(* Let $G$ be a finite, simple, connected graph with a fixed root $r\in V(G)$. Then every bunch $B$ of any level $n$ satisfies $\max_{p,q\in B} d_G(p,q)\le W(G)+2$.
   Context: The level of $x$ is $\ell(x)=d_G(r,x)$. For $n\ge0$, $R(n)$ is the set of edges $xy$ with $\max\{\ell(x),\ell(y)\}>n$. Blocks of level $n$ are the equivalence classes of the level-$n$ vertices under: $x\sim y$ iff $x=y$ or $x,y$ are joined by a path with all edges in $R(n)$. Bunches of level $n$ are unions of blocks of level $n$ forming the classes of the transitive closure of ''there is an edge of $G$ between the two blocks''. For a root $r'$ and its levels $\ell_{r'}$ and sets $R_{r'}(n)$, write $x\simeq_n y$ if $x,y$ are in the same connected component of $(V(G),R_{r'}(n))$; $W(r')=\max_{n\ge0}\max\{d_G(x,y):\ell_{r'}(x)=\ell_{r'}(y)=n,\ x\simeq_n y\}$, and the cycle width is $W(G)=\max_{r'\in V(G)} W(r')$. *)

(* A finite simple graph = symmetric irreflexive rel on a finType. *)
From mathcomp Require Import all_boot.
Set Implicit Arguments. Unset Strict Implicit. Unset Printing Implicit Defensive.

Section Defs.
Variables (T : finType) (e : rel T).

Fixpoint reach_within (k : nat) (x y : T) : bool :=
  if k is k'.+1 then (x == y) || [exists z, e x z && reach_within k' z y]
  else x == y.

(* graph distance d_G(x,y): least k with a walk of length k from x to y
   (all distances are < #|T| in a connected graph) *)
Definition gdist (x y : T) : nat := find (fun k => reach_within k x y) (iota 0 #|T|).

Definition level (r x : T) : nat := gdist r x.

Definition Redge (r : T) (n : nat) : rel T :=
  fun x y => e x y && (n < maxn (level r x) (level r y)).

Definition same_block (r : T) (n : nat) (x y : T) : bool :=
  [&& level r x == n, level r y == n & connect (Redge r n) x y].

Definition block_adj (r : T) (n : nat) : rel T :=
  fun x y => [exists x', exists y', [&& same_block r n x x', same_block r n y y' & e x' y']].

Definition is_bunch (r : T) (n : nat) (B : {set T}) : Prop :=
  exists x, level r x = n /\
    B = [set y | (level r y == n) && connect (block_adj r n) x y].

(* W(r') = max_n max { d(x,y) : l_{r'}(x) = l_{r'}(y) = n, x ~_n y } ;
   here n is instantiated as l_{r'}(x) *)
Definition width_root (r' : T) : nat :=
  \max_(x : T) \max_(y : T | (level r' y == level r' x)
                               && connect (Redge r' (level r' x)) x y) gdist x y.

Definition cycle_width : nat := \max_(r' : T) width_root r'.

End Defs.

(** A vertex [p] of level [n+1] has a neighbour [p'] of level [n], and the edge
    [p'p] lies in [R(n)].  Two blocks of level [n+1] that are adjacent in [G] are
    joined by an edge whose endpoints both have level [n+1], hence also by an edge
    of [R(n)]; so all vertices of a bunch of level [n+1] lie in one component of
    [R(n)], and so do their parents.  The parents [p'], [q'] of [p], [q] have the
    same level [n], so [d(p',q') <= W(r) <= W(G)] and [d(p,q) <= d(p',q') + 2].
    Bunches of level [0] are just [{r}]. *)

From mathcomp Require Import all_boot.
Set Implicit Arguments. Unset Strict Implicit. Unset Printing Implicit Defensive.

Section Walks.
Variables (T : finType) (e : rel T).

Lemma reach_withinS k x y : reach_within e k x y -> reach_within e k.+1 x y.
Proof.
elim: k x => [|k IH] x /=; first by move=> ->.
case/orP=> [->//|/existsP[z /andP[exz rzy]]].
by apply/orP; right; apply/existsP; exists z; rewrite exz; apply: IH.
Qed.

Lemma reach_within_leq k m x y :
  k <= m -> reach_within e k x y -> reach_within e m x y.
Proof.
move=> /subnK <-; elim: (m - k) => [//|d IH] rxy.
by rewrite addSn; apply/reach_withinS/IH.
Qed.

Lemma reach_within_cat a b x y z :
  reach_within e a x y -> reach_within e b y z -> reach_within e (a + b) x z.
Proof.
elim: a x => [|a IH] x; first by move/eqP->.
case/orP=> [/eqP-> ryz|/existsP[w /andP[exw rwy]] ryz].
  by apply: reach_within_leq ryz; rewrite leq_addl.
by rewrite addSn /=; apply/orP; right; apply/existsP; exists w; rewrite exw IH.
Qed.

Lemma reach_within_edge x y : e x y -> reach_within e 1 x y.
Proof. by move=> exy /=; apply/orP; right; apply/existsP; exists y; rewrite exy eqxx. Qed.

Lemma reach_within_connect k x y : reach_within e k x y -> connect e x y.
Proof.
elim: k x => [|k IH] x /=; first by move/eqP->.
case/orP=> [/eqP->//|/existsP[z /andP[exz rzy]]].
exact: connect_trans (connect1 exz) (IH z rzy).
Qed.

Lemma reach_withinSP k x y : reach_within e k.+1 x y ->
  x = y \/ exists2 z, reach_within e k x z & e z y.
Proof.
elim: k x => [|k IH] x /=.
  case/orP=> [/eqP|/existsP[z /andP[exz /eqP <-]]]; first by left.
  by right; exists x.
case/orP=> [/eqP|/existsP[z /andP[exz rzy]]]; first by left.
case: (IH z rzy) => [<-|[w rzw ewy]]; first by right; exists x; rewrite ?eqxx.
by right; exists w => //; apply/orP; right; apply/existsP; exists z; rewrite exz.
Qed.

Lemma reach_within_path x p : path e x p -> reach_within e (size p) x (last x p).
Proof.
elim: p x => [|y p IH] x /=; first by rewrite eqxx.
by case/andP=> exy ep; apply/orP; right; apply/existsP; exists y; rewrite exy IH.
Qed.

Lemma gdist_le k x y : reach_within e k x y -> gdist e x y <= k.
Proof.
move=> rxy; rewrite leqNgt; apply/negP=> lt_k.
have k_lt : k < #|T|.
  by apply: leq_trans lt_k _; rewrite /gdist -{2}(size_iota 0 #|T|) find_size.
by have := before_find 0 lt_k; rewrite nth_iota // add0n rxy.
Qed.

Lemma gdist_reach x y : connect e x y -> reach_within e (gdist e x y) x y.
Proof.
move=> /connectP[p ep ->]; case: (shortenP ep) => s es uniq_s _.
have size_s : size s < #|T|.
  by move/card_uniqP: uniq_s => /= <-; apply: max_card.
have has_s : has (fun k => reach_within e k x (last x s)) (iota 0 #|T|).
  by apply/hasP; exists (size s); [rewrite mem_iota | apply: reach_within_path].
have := nth_find 0 has_s; rewrite nth_iota ?add0n //.
by rewrite -{2}(size_iota 0 #|T|) -has_find.
Qed.

Lemma gdistxx x : gdist e x x = 0.
Proof. by apply/eqP; rewrite -leqn0; apply: (@gdist_le 0); rewrite /= eqxx. Qed.

Lemma gdist_eq0 x y : connect e x y -> gdist e x y = 0 -> x = y.
Proof. by move=> cxy d0; have := gdist_reach cxy; rewrite d0 => /eqP. Qed.

Lemma gdist_triangle x y z :
  connect e x y -> connect e y z -> gdist e x z <= gdist e x y + gdist e y z.
Proof. by move=> cxy cyz; apply/gdist_le/reach_within_cat; apply: gdist_reach. Qed.

Lemma gdist_edge x y : e x y -> gdist e x y <= 1.
Proof. by move/reach_within_edge/gdist_le. Qed.

Lemma gdist_le_edges x x' y y' : e x x' -> e y' y -> connect e x' y' ->
  gdist e x y <= (gdist e x' y').+2.
Proof.
move=> exx' ey'y cx'y'; apply: gdist_le.
have := reach_within_cat (reach_within_edge exx')
          (reach_within_cat (gdist_reach cx'y') (reach_within_edge ey'y)).
by rewrite add1n addn1.
Qed.

Lemma gdist_parent x z n : connect e x z -> gdist e x z = n.+1 ->
  exists2 y, e y z & gdist e x y = n.
Proof.
move=> cxz dxz; have := gdist_reach cxz; rewrite dxz.
case/reach_withinSP=> [xz|[y rxy eyz]]; first by move: dxz; rewrite xz gdistxx.
exists y => //; apply/eqP; rewrite eqn_leq (gdist_le rxy) -ltnS -dxz -addn1.
apply: leq_trans (gdist_triangle (reach_within_connect rxy) (connect1 eyz)) _.
by rewrite leq_add2l gdist_edge.
Qed.

End Walks.

Section Levels.
Variables (T : finType) (e : rel T).

Lemma width_root_ge r' x y : level e r' y = level e r' x ->
  connect (Redge e r' (level e r' x)) x y -> gdist e x y <= width_root e r'.
Proof.
move=> lxy cxy; rewrite /width_root.
apply: leq_trans (leq_bigmax x); apply: (leq_bigmax_cond (F := gdist e x)).
by rewrite lxy eqxx cxy.
Qed.

Lemma width_root_le_cycle_width r' : width_root e r' <= cycle_width e.
Proof. exact: (leq_bigmax (F := width_root e)). Qed.

Hypothesis e_sym : symmetric e.
Variable r : T.

Lemma Redge_sym n : symmetric (Redge e r n).
Proof. by move=> x y; rewrite /Redge e_sym maxnC. Qed.

Lemma connect_RedgeC n x y : connect (Redge e r n) x y = connect (Redge e r n) y x.
Proof. exact/sym_connect_sym/Redge_sym. Qed.

Lemma connect_Redge_leq m n x y :
  m <= n -> connect (Redge e r n) x y -> connect (Redge e r m) x y.
Proof.
move=> le_mn; apply: connect_sub => a b /andP[eab lt_n]; apply: connect1.
by rewrite /Redge eab (leq_ltn_trans le_mn lt_n).
Qed.

Lemma Redge_to_level x y n : e x y -> level e r y = n.+1 -> Redge e r n x y.
Proof. by move=> exy ly; rewrite /Redge exy ly leq_maxr. Qed.

Lemma connect_block_adj n x y :
  connect (block_adj e r n.+1) x y -> connect (Redge e r n) x y.
Proof.
have R_Sn := @connect_Redge_leq n n.+1 _ _ (leqnSn n).
apply: connect_sub => a b /existsP[a' /existsP[b' /and3P[ba bb ea'b']]].
case/and3P: ba => _ la' caa'; case/and3P: bb => _ lb' cbb'.
apply: connect_trans (R_Sn _ _ caa') _.
apply: connect_trans (connect1 (Redge_to_level ea'b' (eqP lb'))) _.
by rewrite connect_RedgeC; apply: R_Sn.
Qed.

Hypothesis e_connected : forall x y : T, connect e x y.

Lemma level_eq0 z : level e r z = 0 -> z = r.
Proof. by move/(gdist_eq0 (e_connected r z)). Qed.

Lemma level_parent z n : level e r z = n.+1 -> exists2 y, e y z & level e r y = n.
Proof. exact: gdist_parent. Qed.

Lemma gdist_le_cycle_width n p q : level e r p = n.+1 -> level e r q = n.+1 ->
  connect (Redge e r n) p q -> gdist e p q <= cycle_width e + 2.
Proof.
move=> lp lq cpq.
have [p' ep'p lp'] := level_parent lp; have [q' eq'q lq'] := level_parent lq.
have cp'q' : connect (Redge e r n) p' q'.
  apply: connect_trans (connect1 (Redge_to_level ep'p lp)) _.
  apply: connect_trans cpq (connect1 _).
  by rewrite Redge_sym; apply: Redge_to_level.
have wp'q' : gdist e p' q' <= cycle_width e.
  apply: leq_trans (width_root_le_cycle_width r).
  by apply: width_root_ge; rewrite ?lp' ?lq'.
rewrite addn2; apply: leq_trans (gdist_le_edges _ eq'q (e_connected p' q')) _.
  by rewrite e_sym.
by rewrite !ltnS.
Qed.

End Levels.

Theorem mainTheorem13 (T : finType) (e : rel T) (r : T)
  (Hsym : symmetric e) (Hirr : irreflexive e) (Hconn : forall x y : T, connect e x y)
  (n : nat) (B : {set T}) (HB : is_bunch e r n B) :
  forall p q : T, p \in B -> q \in B -> gdist e p q <= cycle_width e + 2.
Proof.
case: HB => x [lx ->] p q; rewrite !inE => /andP[/eqP lp cxp] /andP[/eqP lq cxq].
case: n lx lp lq cxp cxq => [|n] lx lp lq cxp cxq.
  by rewrite (level_eq0 Hconn lp) (level_eq0 Hconn lq) gdistxx.
apply: (gdist_le_cycle_width Hsym Hconn lp lq).
apply: connect_trans (connect_block_adj Hsym cxq).
by rewrite connect_RedgeC //; apply: connect_block_adj.
Qed.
++++++
Required work
Give the count of lines in the listing above that include "Section", with no other words.

Task output
3